Hey guys, new to the forum although ive been reading it for years. I just got my open water cert. this spring and im looking to make my first saltwater dive when i come down for a week in july. Had a few questions for ya to clear some things up. First, im looking to rent some equipment and go out on a charter dive boat. Does the same business usualy rent equipment and run the charter or are they usually seperate companies? Is it necessary to reserve a spot a few weeks in advance or can i just walk on? Since i only have my basic open water certification is this going to limit the boats that i can make a trip with/ will the captian choose dive spots that are best suitable for me? Ill be diving with my dad who has his c-card but no log book. Is it required by most captains to be able to show an active log book? Sorry for so many questions just looking forward to this trip. 

Thanks 

Andy


----------



## naclh2oDave (Apr 8, 2008)

The Scuba shack has its own boat. I have dove with them several times and always enjoy it. I think you are only required a specific amount of logged dives if you want to dive the oriskany. They have everything you need to rent. The name of the boat is "The wet dream". I highly recommend them.

http://www.scubashackpensacola.com/sdm.asp


----------



## Evensplit (Oct 2, 2007)

All of the shops in town offer equipment rentals and can help you get booked on a trip.
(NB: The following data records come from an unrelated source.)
(* Let $\xi$ be the random potential defined in the context. There is a constant $c_0>0$ such that $\mathbb{P}$-a.s. there exists a (random) increasing sequence $(x_n)_{n\in\mathbb{N}}$ of reals tending to infinity such that for all $n$ $$\xi(x)=\mathsf{ei}\ \ \forall x\in[x_n-2c_0\ln n,\,x_n],\qquad \xi(x)=\mathsf{es}\ \ \forall x\in[x_n+2,\,x_n+2c_0\ln n-2],$$ and $\xi$ is non-decreasing on $[x_n-2c_0\ln n,\,x_n+2c_0\ln n-2]$. Moreover, $\mathbb{P}$-a.s., $$1\le\liminf_{n\to\infty}\frac{x_n}{n}\le\limsup_{n\to\infty}\frac{x_n}{n}\le2.$$
   Context: Fix constants $0<\mathsf{ei}<\mathsf{es}<\infty$ with $\mathsf{es}/\mathsf{ei}>2$. Let $\chi:[0,\infty)\to[0,1]$ be continuous and non-increasing with $\chi(x)=1$ for $x\le1$ and $\chi(x)=0$ for $x\ge2$, and let $\omega=(\omega^i)_{i\in\mathbb{Z}}$ be a Poisson point process on $\mathbb{R}$ with intensity $1$ on $(\Omega,\mathcal F,\mathbb P)$. Define $\xi(x):=\mathsf{ei}+(\mathsf{es}-\mathsf{ei})\sup\{\chi(|x-\omega^i|):i\in\mathbb{Z}\}$, $x\in\mathbb{R}$. *)

From HB Require Import structures.
From mathcomp Require Import all_boot all_order all_algebra.
From mathcomp Require Import all_classical all_reals all_analysis.
Set Implicit Arguments. Unset Strict Implicit. Unset Printing Implicit Defensive.
Import Order.TTheory GRing.Theory Num.Theory.
Import numFieldNormedType.Exports.
Local Open Scope classical_set_scope.
Local Open Scope ring_scope.

(* A point configuration indexed by Z: omega w : int -> R. *)

Definition count_eq {T : Type} {R : realType} (omega : T -> int -> R)
  (w : T) (A : set R) (k : nat) : Prop :=
  exists s : seq int, uniq s /\ size s = k /\
    (forall i : int, A (omega w i) <-> i \in s).

Definition bounded_real_set {R : realType} (A : set R) : Prop :=
  exists r : R, forall x, A x -> `|x| <= r.

(* Poisson point process on R with intensity 1 (Lebesgue measure):
   each point is a random variable, and for pairwise disjoint bounded Borel
   sets A_0, ..., A_{m-1} the counts N(A_j) are independent Poisson variables
   with parameters Leb(A_j) (joint law given by the product formula). *)
Definition poisson_point_process {d : measure_display} {T : measurableType d}
  {R : realType} (P : probability T R) (omega : T -> int -> R) : Prop :=
  (forall i : int, measurable_fun setT (fun w => omega w i)) /\
  (forall (m : nat) (A : nat -> set R) (k : nat -> nat),
     (forall j, (j < m)%N -> measurable (A j) /\ bounded_real_set (A j)) ->
     (forall j j', (j < m)%N -> (j' < m)%N -> j <> j' -> A j `&` A j' = set0) ->
     P (\bigcap_(j in [set j | (j < m)%N]) [set w | count_eq omega w (A j) (k j)])
     = (\prod_(j < m)
          (let l := fine (lebesgue_measure (A j)) in
           expR (- l) * l ^+ (k j) / (k j)`!%:R)%:E)%E).

Definition xi {T : Type} {R : realType} (ei es : R) (chi : R -> R)
  (omega : T -> int -> R) (w : T) (x : R) : R :=
  ei + (es - ei) * sup [set chi `|x - omega w i| | i in [set: int]].

From HB Require Import structures.
From mathcomp Require Import all_boot all_order all_algebra.
From mathcomp Require Import all_classical all_reals all_analysis.
From mathcomp Require Import zify ring lra.
Import Order.TTheory GRing.Theory Num.Theory.
Import numFieldNormedType.Exports.
Local Open Scope classical_set_scope.
Local Open Scope ring_scope.
Lemma contracting_lift_shift Li Lj pi h sg x n : contracting_lift Li Lj pi h sg ->
  h (x + IZR n * Li) = h x + IZR n * (sg * Lj).
Proof. intros [_ [_ [_ Hper]]]. apply shift_mult_Z, Hper. Qed.

Lemma contracting_lift_wd Li Lj pi h sg x y : contracting_lift Li Lj pi h sg ->
  eqmod Li x y -> eqmod Lj (pi x) (pi y).
Proof.
  intros Hl [k Hk]. pose proof Hl as [Hsg [Hpi _]].
  apply eqmod_trans with (h x); [apply Hpi |].
  apply eqmod_trans with (h y); [| apply eqmod_sym, Hpi].
  replace x with (y + IZR k * Li) by lra. rewrite (contracting_lift_shift Li Lj pi h sg y k Hl).
  destruct Hsg as [-> | ->]; [exists k | exists (- k)%Z]; rewrite ?opp_IZR; ring.
Qed.

Lemma tightening_step_lift L0 Li Lj p q qb iota phi pi k : 0 < L0 -> 0 < Li -> 0 < Lj ->
  tightening_step L0 Li Lj p q qb iota phi pi k -> exists h sg, contracting_lift Li Lj pi h sg.
Proof.
  intros H0 Hi Hj Hstep. destruct k.
  - pose proof Hstep as [_ [_ [_ [_ [_ [_ [_ [Hwd _]]]]]]]].
    destruct (tightening_step_formula L0 Li Lj p q qb iota phi pi H0 Hi Hj Hstep)
      as [a [e [b [e' [r [He [He' [Hr [Hp [_ [ELj Hform]]]]]]]]]]].
    eexists. eexists. exact (step_formula_lift Li Lj p r a e b e' pi Hi Hp Hr He He' ELj Hwd Hform).
  - destruct Hstep as [-> [_ [_ Hpi]]]. exists (fun x => x), 1.
    split; [left; reflexivity | split; [exact Hpi | split; intros; lra]].
Qed.

Lemma tightening_step_lengths L0 Li Lj p q qb iota phi pi k : 0 < L0 -> 0 < Li -> 0 < Lj ->
  tightening_step L0 Li Lj p q qb iota phi pi k -> 0 <= q /\ Lj <= Li /\ Li - q <= Lj.
Proof.
  intros H0 Hi Hj Hstep. destruct k.
  - destruct (tightening_step_formula L0 Li Lj p q qb iota phi pi H0 Hi Hj Hstep)
      as [a [e [b [e' [r [_ [_ [Hr [Hp [Hq [ELj _]]]]]]]]]]].
    split; [lra | split; nra].
  - destruct Hstep as [-> [-> _]]. lra.
Qed.

(** * The limit map *)

Lemma cv_const c : Un_cv (fun _ => c) c.
Proof.
  intros eps He. exists O. intros n _. unfold Rdist. rewrite Rminus_diag, Rabs_R0. exact He.
Qed.

Lemma cv_bounds (u : nat -> R) l a b : Un_cv u l -> (forall n, a <= u n <= b) -> a <= l <= b.
Proof.
  intros Hu Hb. split.
  - eapply Rle_cv_lim; [| apply cv_const | exact Hu]. intros n. apply Hb.
  - eapply Rle_cv_lim; [| exact Hu | apply cv_const]. intros n. apply Hb.
Qed.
As a new diver, you'll want to do an "inshore" trip on one of the shallower sites. Logbooks for most of these trips isn't really an issue. Check around with the shops and find one you like that can meet your needs. Many of the Captains will run for any of the shops in town. The shop will be able to answer all of your questions and help you get in touch with the Captain if you'd like to discuss things with him/her.

I do have to say that I'm partial to MBT becauseMBT paysmy rent :bowdown

You can give us a call at 455-7702

Jim


----------



## UgaFish2011 (Jun 15, 2008)

ok cool thanks for the info. cant wait to get down there and get in the water.


----------



## Clay-Doh (Oct 2, 2007)

Welcome Uga!

There are a number of good dive charterscaptains around. One of my best friends happens to run a dive charter, Due South Custom Charters, and he is on the forum as DKdiver, and he books alot thru MBT, (850) 455-7702. And since he is one of my good friends, and happened to be my instructor, and I happen to deck hand for him, you can guess who I would recomend!

And MBT is my favorite shop, cuz I am friends with most the people there, and dive with some of em. But more importantly, they put up with ME, which is asking a lot! They are a really good shop, have all the rental gear and tanks ya need too.

You should have a great trip when you get down here..lot of good places to dive! If you wanna see video of some of the sites, check out the link in my signature below to our website, Team Chunky Love.

Good luck, and keep us posted!


----------



## FelixH (Sep 28, 2007)

I've been out with Capt. Kevin of holy Spear-It Charters, Capt. Dalton of Due South Custom Charters, and Capt. Doug of the charter boat H2OBelow (what is it?? Two Wire Charters? Three Wire Charters? Sorry, can't remember at the moment).

I highly recommend Any of these guys. I believe the H2O below primarily does Oriskany trips. The other two will pretty much go anywhere you want to go, including the "O".

Get with MBT and let them know what kind of diving you want to do. They'll guide you to the charter that will best suit your needs and your schedule.


----------